Günümüzde tasarruf yapmak, finansal bağımsızlığa ulaşmak ve hayatımızı daha dengeli bir şekilde sürdürmek üzerine sayısız kaynak bulmak mümkün. Fakat asıl soru genellikle “Bunu günlük hayata nasıl uygulayabiliriz?” oluyor. Birikim yapmaya heveslenen, ancak nereden başlayacağını bilemeyen ya da fazlasıyla disiplinli olup yaşamın tadını çıkarmayı unutan pek çok kişiyle karşılaşıyoruz. Diğer yandan, “Sıfırla Ölmek” kavramı da hayatımıza giren yeni bir perspektif sunuyor: Bütün birikimlerinizi hayat sonuna kadar yığmak yerine, onları yaşam süreci içerisinde anlamlı deneyimlere ve gerçek mutluluğa dönüştürmek. Bill Perkins’in bu kitabını okumak gerçekten hayata bakış açımda radikal bir değişikliğe neden olmuştu.

Bu yazıda, tasarrufun doğru dengesini nasıl kurabileceğimiz, çok tasarruf yapmanın ne gibi riskler doğurabileceği, az tasarruf yapmanın hangi tuzaklara yol açabileceği ve finansal bağımsızlık kavramının nasıl hayata geçirilebileceğini anlatmaya çalışacağım. Öyleyse başlayalım.


1. Tasarrufun Psikolojisi: Neden Tasarruf Yapıyoruz?

İnsanlar tasarruf etmeye farklı nedenlerle yönelir. Kimimiz emeklilikte rahat etmek ister, kimimiz hayalini kurduğumuz bir iş kurmak için sermaye oluşturur, kimimiz ise sadece güvenlik hissiyatını güçlendirmek amacıyla kenara para koyarız. Buradaki kritik konu, tasarrufla ilgili içsel motivasyonunuzu ve amacınızı net olarak belirlemektir. Çünkü somut bir hedef olmadan yapılan tasarruf, çoğu zaman “niçin sıkıyorum?” sorusuna yanıt ararken insanı yıpratabilir.

Korku Odaklı Tasarruf: Bazı insanlar, gelecekte başlarına gelebilecek beklenmedik olayların kaygısını fazlasıyla taşıyor. Gelir kaybı, işsizlik, sağlık sorunu gibi ihtimaller onları para biriktirmeye iter. Bu yaklaşımın olumlu yönü, gerçekten beklenmedik durumlarda sizi finansal açıdan koruyacak bir kalkan olmasıdır. Ancak korku odaklı bir yaklaşıma fazla kapılmak, aşırı kısıtlayıcı bir hayat tarzına sebep olabilir. Çok fazla endişe, “daha çok biriktireyim, daha da çok biriktireyim” döngüsünü muhtemelen besleyecektir.
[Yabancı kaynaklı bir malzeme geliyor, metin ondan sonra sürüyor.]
(* Let $q$ be a non-negative integer and $\Lambda$ a unital commutative ring which is $q$-torsion-free. If $\mathfrak g$ is a perfect Lie algebra over $\Lambda$, i.e. $\mathfrak g=[\mathfrak g,\mathfrak g]$, then $Z^{\boxtimes}_q(\mathfrak g)=Z^{\curlywedge}_q(\mathfrak g)=Z(\mathfrak g)$.
   Context: All Lie algebras are over $\Lambda$; $Z(\mathfrak g)$ is the center and $[\mathfrak g,\mathfrak g]$ the $\Lambda$-span of all brackets. Non-abelian $q$-tensor square: for $q\ge1$, $\mathfrak g\otimes^q\mathfrak g$ is the Lie algebra generated by symbols $h\otimes g$ and $\{h\}$ ($h,g\in\mathfrak g$) subject to, for all $h,h',g,g'\in\mathfrak g$, $\lambda,\lambda'\in\Lambda$: (1) $\lambda(h\otimes g)=\lambda h\otimes g=h\otimes\lambda g$; (2) $(h+h')\otimes g=h\otimes g+h'\otimes g$; (3) $h\otimes(g+g')=h\otimes g+h\otimes g'$; (4) $[h,h']\otimes g=h\otimes[h',g]-h'\otimes[h,g]$; (5) $h\otimes[g,g']=[g',h]\otimes g-[g,h]\otimes g'$; (6) $[h\otimes g,h'\otimes g']=[h,g]\otimes[h',g']$; (7) $[\{h'\},h\otimes g]=[qh',h]\otimes g+h\otimes[qh',g]$; (8) $\{\lambda h+\lambda'h'\}=\lambda\{h\}+\lambda'\{h'\}$; (9) $[\{h\},\{h'\}]=qh\otimes qh'$; (10) $\{[h,g]\}=q(h\otimes g)$. For $q=0$, generated by the $h\otimes g$ subject to (1)–(6) only. The $q$-exterior square $\mathfrak g\wedge^q\mathfrak g$ is the quotient of $\mathfrak g\otimes^q\mathfrak g$ by the relations $h\otimes h=0$, images written $h\wedge g$. $Z^{\boxtimes}_q(\mathfrak g)=\{g\in\mathfrak g\mid g\otimes x=0\text{ in }\mathfrak g\otimes^q\mathfrak g\text{ for all }x\in\mathfrak g\}$ and $Z^{\curlywedge}_q(\mathfrak g)=\{g\in\mathfrak g\mid g\wedge x=0\text{ in }\mathfrak g\wedge^q\mathfrak g\text{ for all }x\in\mathfrak g\}$. *)

From mathcomp Require Import all_boot all_algebra.
Set Implicit Arguments. Unset Strict Implicit. Unset Printing Implicit Defensive.
Import GRing.Theory.
Local Open Scope ring_scope.

Record lie_algebra (R : comPzRingType) (V : lmodType R) := LieAlgebra {
  lbr : V -> V -> V;
  lbr_linl : forall (a : R) (x y z : V), lbr (a *: x + y) z = a *: lbr x z + lbr y z;
  lbr_linr : forall (a : R) (x y z : V), lbr z (a *: x + y) = a *: lbr z x + lbr z y;
  lbr_alt : forall x : V, lbr x x = 0;
  lbr_jacobi : forall x y z : V,
      lbr x (lbr y z) + lbr y (lbr z x) + lbr z (lbr x y) = 0
}.

Definition q_torsion_free (R : comPzRingType) (q : nat) : Prop :=
  (0 < q)%N -> forall l : R, l *+ q = 0 -> l = 0.

Definition lie_center (R : comPzRingType) (V : lmodType R) (g : lie_algebra V)
  (x : V) : Prop := forall y : V, lbr g x y = 0.

Definition lie_perfect (R : comPzRingType) (V : lmodType R) (g : lie_algebra V)
  : Prop :=
  forall z : V, exists s : seq (R * V * V),
    z = \sum_(p <- s) p.1.1 *: lbr g p.1.2 p.2.

(* Relations (1)-(6) of the q-tensor square, interpreted in a Lie algebra
   (L, bL) via t h g := image of h (x) g. *)
Definition tensor_rels_base (R : comPzRingType) (V : lmodType R)
  (g : lie_algebra V) (L : lmodType R) (bL : lie_algebra L)
  (t : V -> V -> L) : Prop :=
  [/\ (forall (l : R) h x, l *: t h x = t (l *: h) x /\ l *: t h x = t h (l *: x)),
      (forall h h' x, t (h + h') x = t h x + t h' x) /\
      (forall h x x', t h (x + x') = t h x + t h x'),
      (forall h h' x, t (lbr g h h') x = t h (lbr g h' x) - t h' (lbr g h x)),
      (forall h x x', t h (lbr g x x') = t (lbr g x' h) x - t (lbr g x h) x') &
      (forall h x h' x', lbr bL (t h x) (t h' x') = t (lbr g h x) (lbr g h' x'))].

(* Relations (7)-(10), with c h := image of {h}. *)
Definition tensor_rels_q (R : comPzRingType) (V : lmodType R) (q : nat)
  (g : lie_algebra V) (L : lmodType R) (bL : lie_algebra L)
  (t : V -> V -> L) (c : V -> L) : Prop :=
  [/\ (forall h h' x,
         lbr bL (c h') (t h x) = t (lbr g (h' *+ q) h) x + t h (lbr g (h' *+ q) x)),
      (forall (l l' : R) h h', c (l *: h + l' *: h') = l *: c h + l' *: c h'),
      (forall h h', lbr bL (c h) (c h') = t (h *+ q) (h' *+ q)) &
      (forall h x, c (lbr g h x) = t h x *+ q)].

(* A "model" of the presentation of g (x)^q g in a Lie algebra L: an
   interpretation of the generators satisfying all defining relations
   ((1)-(6) for q = 0; (1)-(10) for q >= 1, the symbols {h} being
   absent when q = 0). *)
Definition qtensor_model (R : comPzRingType) (V : lmodType R) (q : nat)
  (g : lie_algebra V) (L : lmodType R) (bL : lie_algebra L)
  (t : V -> V -> L) (c : V -> L) : Prop :=
  tensor_rels_base g bL t /\ ((0 < q)%N -> tensor_rels_q q g bL t c).

Definition qexterior_model (R : comPzRingType) (V : lmodType R) (q : nat)
  (g : lie_algebra V) (L : lmodType R) (bL : lie_algebra L)
  (t : V -> V -> L) (c : V -> L) : Prop :=
  qtensor_model q g bL t c /\ (forall h, t h h = 0).

(* An element of a Lie algebra given by generators and relations is zero
   iff its image vanishes in every Lie algebra interpretation of the
   presentation (universal property of the presented Lie algebra). *)
Definition Z_qtensor (R : comPzRingType) (V : lmodType R) (q : nat)
  (g : lie_algebra V) (x : V) : Prop :=
  forall (L : lmodType R) (bL : lie_algebra L) (t : V -> V -> L) (c : V -> L),
    qtensor_model q g bL t c -> forall y : V, t x y = 0.

Definition Z_qexterior (R : comPzRingType) (V : lmodType R) (q : nat)
  (g : lie_algebra V) (x : V) : Prop :=
  forall (L : lmodType R) (bL : lie_algebra L) (t : V -> V -> L) (c : V -> L),
    qexterior_model q g bL t c -> forall y : V, t x y = 0.

From mathcomp Require Import all_boot all_algebra.
Import GRing.Theory.
Local Open Scope ring_scope.
Set Implicit Arguments.

(* g itself, with h (x) x := [h, x] and {h} := q h, satisfies every defining
   relation of g (x)^q g and g /\^q g (all of them reduce to the Jacobi
   identity), so an element whose tensors all vanish is central.  Conversely,
   relation (5) gives x (x) [y, y'] = [y', x] (x) y - [y, x] (x) y', which
   vanishes for central x; perfectness spreads this to all of g. *)

Section LieBracket.
Variables (R : comPzRingType) (V : lmodType R) (g : lie_algebra V).
Local Notation "[ x , y ]" := (lbr g x y).

Lemma lbrDl x y z : [x + y, z] = [x, z] + [y, z].
Proof. by have := lbr_linl g 1 x y z; rewrite !scale1r. Qed.

Lemma lbrDr x y z : [z, x + y] = [z, x] + [z, y].
Proof. by have := lbr_linr g 1 x y z; rewrite !scale1r. Qed.

Lemma lbr0l z : [0, z] = 0.
Proof. by apply/(@addrI _ [0, z]); rewrite -lbrDl !addr0. Qed.

Lemma lbr0r z : [z, 0] = 0.
Proof. by apply/(@addrI _ [z, 0]); rewrite -lbrDr !addr0. Qed.

Lemma lbrZl a x z : [a *: x, z] = a *: [x, z].
Proof. by have := lbr_linl g a x 0 z; rewrite !addr0 lbr0l addr0. Qed.

Lemma lbrZr a x z : [z, a *: x] = a *: [z, x].
Proof. by have := lbr_linr g a x 0 z; rewrite !addr0 lbr0r addr0. Qed.

Lemma lbrNl x z : [- x, z] = - [x, z].
Proof. by rewrite -scaleN1r lbrZl scaleN1r. Qed.

Lemma lbrNr x z : [z, - x] = - [z, x].
Proof. by rewrite -scaleN1r lbrZr scaleN1r. Qed.

Lemma lbr_anti x y : [x, y] = - [y, x].
Proof.
apply/eqP; rewrite -subr_eq0 opprK.
by have := lbr_alt g (x + y); rewrite lbrDl !lbrDr !lbr_alt add0r addr0 => ->.
Qed.

Lemma lbr_leibniz x y z : [x, [y, z]] = [[x, y], z] + [y, [x, z]].
Proof.
have J := lbr_jacobi g x y z.
rewrite (lbr_anti z x) lbrNr (lbr_anti z [x, y]) in J.
apply/eqP; rewrite -subr_eq0 opprD addrA; apply/eqP; rewrite -J.
by rewrite addrAC.
Qed.

End LieBracket.

Lemma lbr_qexterior_model (R : comPzRingType) (q : nat) (V : lmodType R)
    (g : lie_algebra V) :
  qexterior_model q g g (lbr g) (fun h => h *+ q).
Proof.
split; last exact: lbr_alt.
split=> [|_].
  split.
  - by move=> l h x; rewrite lbrZl lbrZr.
  - by split=> *; rewrite ?lbrDl ?lbrDr.
  - by move=> h h' x; rewrite lbr_leibniz addrK.
  - move=> h x x'; rewrite lbr_leibniz (lbr_anti _ h x) lbrNl.
    by rewrite (lbr_anti _ x (lbr g h x')) (lbr_anti _ h x') lbrNl opprK addrC.
  - by [].
split.
- by move=> h h' x; rewrite lbr_leibniz.
- by move=> l l' h h'; rewrite mulrnDl !scalerMnr.
- by [].
- by [].
Qed.

Section QTensorCenters.
Variables (R : comPzRingType) (q : nat) (V : lmodType R) (g : lie_algebra V).

Lemma Z_qexterior_center x : Z_qexterior q g x -> lie_center g x.
Proof. by move=> Zx; apply: Zx (lbr_qexterior_model q g). Qed.

Lemma Z_qtensor_qexterior x : Z_qtensor q g x -> Z_qexterior q g x.
Proof. by move=> Zx L bL t c [model _]; apply: Zx model. Qed.

Lemma tensor_rels_center_eq0 (L : lmodType R) (bL : lie_algebra L)
    (t : V -> V -> L) x :
  lie_perfect g -> tensor_rels_base g bL t -> lie_center g x ->
  forall y, t x y = 0.
Proof.
move=> perf [tZ [tDl tDr] _ tbrr _] cx y.
have t0l z : t 0 z = 0 by apply/(@addrI _ (t 0 z)); rewrite -tDl !addr0.
have t0r : t x 0 = 0 by apply/(@addrI _ (t x 0)); rewrite -tDr !addr0.
have [s ->] := perf y.
rewrite (big_morph (t x) (tDr x) t0r) big1 // => -[[a u] v] _ /=.
rewrite -(tZ a x _).2 tbrr (lbr_anti _ v) (lbr_anti _ u) !cx oppr0 !t0l.
by rewrite subrr scaler0.
Qed.

Lemma center_Z_qtensor x :
  lie_perfect g -> lie_center g x -> Z_qtensor q g x.
Proof.
by move=> perf cx L bL t c [rels _]; apply: tensor_rels_center_eq0 perf rels cx.
Qed.

End QTensorCenters.

Theorem proposition6p9 (R : comPzRingType) (q : nat) (V : lmodType R)
  (g : lie_algebra V) :
  q_torsion_free R q -> lie_perfect g ->
  forall x : V,
    (Z_qtensor q g x <-> lie_center g x) /\
    (Z_qexterior q g x <-> lie_center g x).
Proof.
move=> _ perf x; split; split.
- by move/Z_qtensor_qexterior/Z_qexterior_center.
- exact: center_Z_qtensor.
- exact: Z_qexterior_center.
- by move/(center_Z_qtensor (q := q) perf)/Z_qtensor_qexterior.
Qed.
Hedef Odaklı Tasarruf: Ev almak, araba almak, çocuğun eğitimi için fon oluşturmak veya dünya turuna çıkmak gibi somut hedefler doğrultusunda tasarruf yapmak oldukça motive edicidir. Sıkıldığınız ya da harcama isteğinizin kabardığı anlarda, “ben bu parayı şunun için biriktiriyorum” diye kendinize hatırlatmanız, sürdürülebilir bir disiplin sağlar. Ancak burada da dikkat edilmesi gereken, hedeflerinizin sizi tamamen yıpratmayacak şekilde planlanmasıdır.

Varoluşsal Tasarruf: Bir kısım insan, tasarrufu “hayat felsefesi” olarak benimser. Minimalizm, sürdürülebilirlik, doğaya ve kendine saygı çerçevesinde tüketimi azaltmak gibi motivasyonlarla para harcamalarını kısarlar. Bu yaklaşım, tüketim kültürüne karşı bir tavır olarak kendini gösterebilir. Ancak sırf “minimalist yaşamalıyım” diye aşırı kısıtlamacı bir düzene geçmek, zamanla mutsuzluğa da kapı aralayabilir. Minimalizm konusunda bir podcast bölümü yapmıştık, mutlaka dinlemenizi tavsiye ederim.

İşte tasarrufun psikolojisinde bu çeşitlilik, her birimizin farklı hayat koşullarında, farklı finansal stratejilerle yola devam etmesini kaçınılmaz kılıyor. Önemli olan, kendi iç dünyanızda tasarruf yapma nedeninizi iyi anlamak ve bunu hayatınıza olabildiğince pozitif bir şekilde adapte edebilmek.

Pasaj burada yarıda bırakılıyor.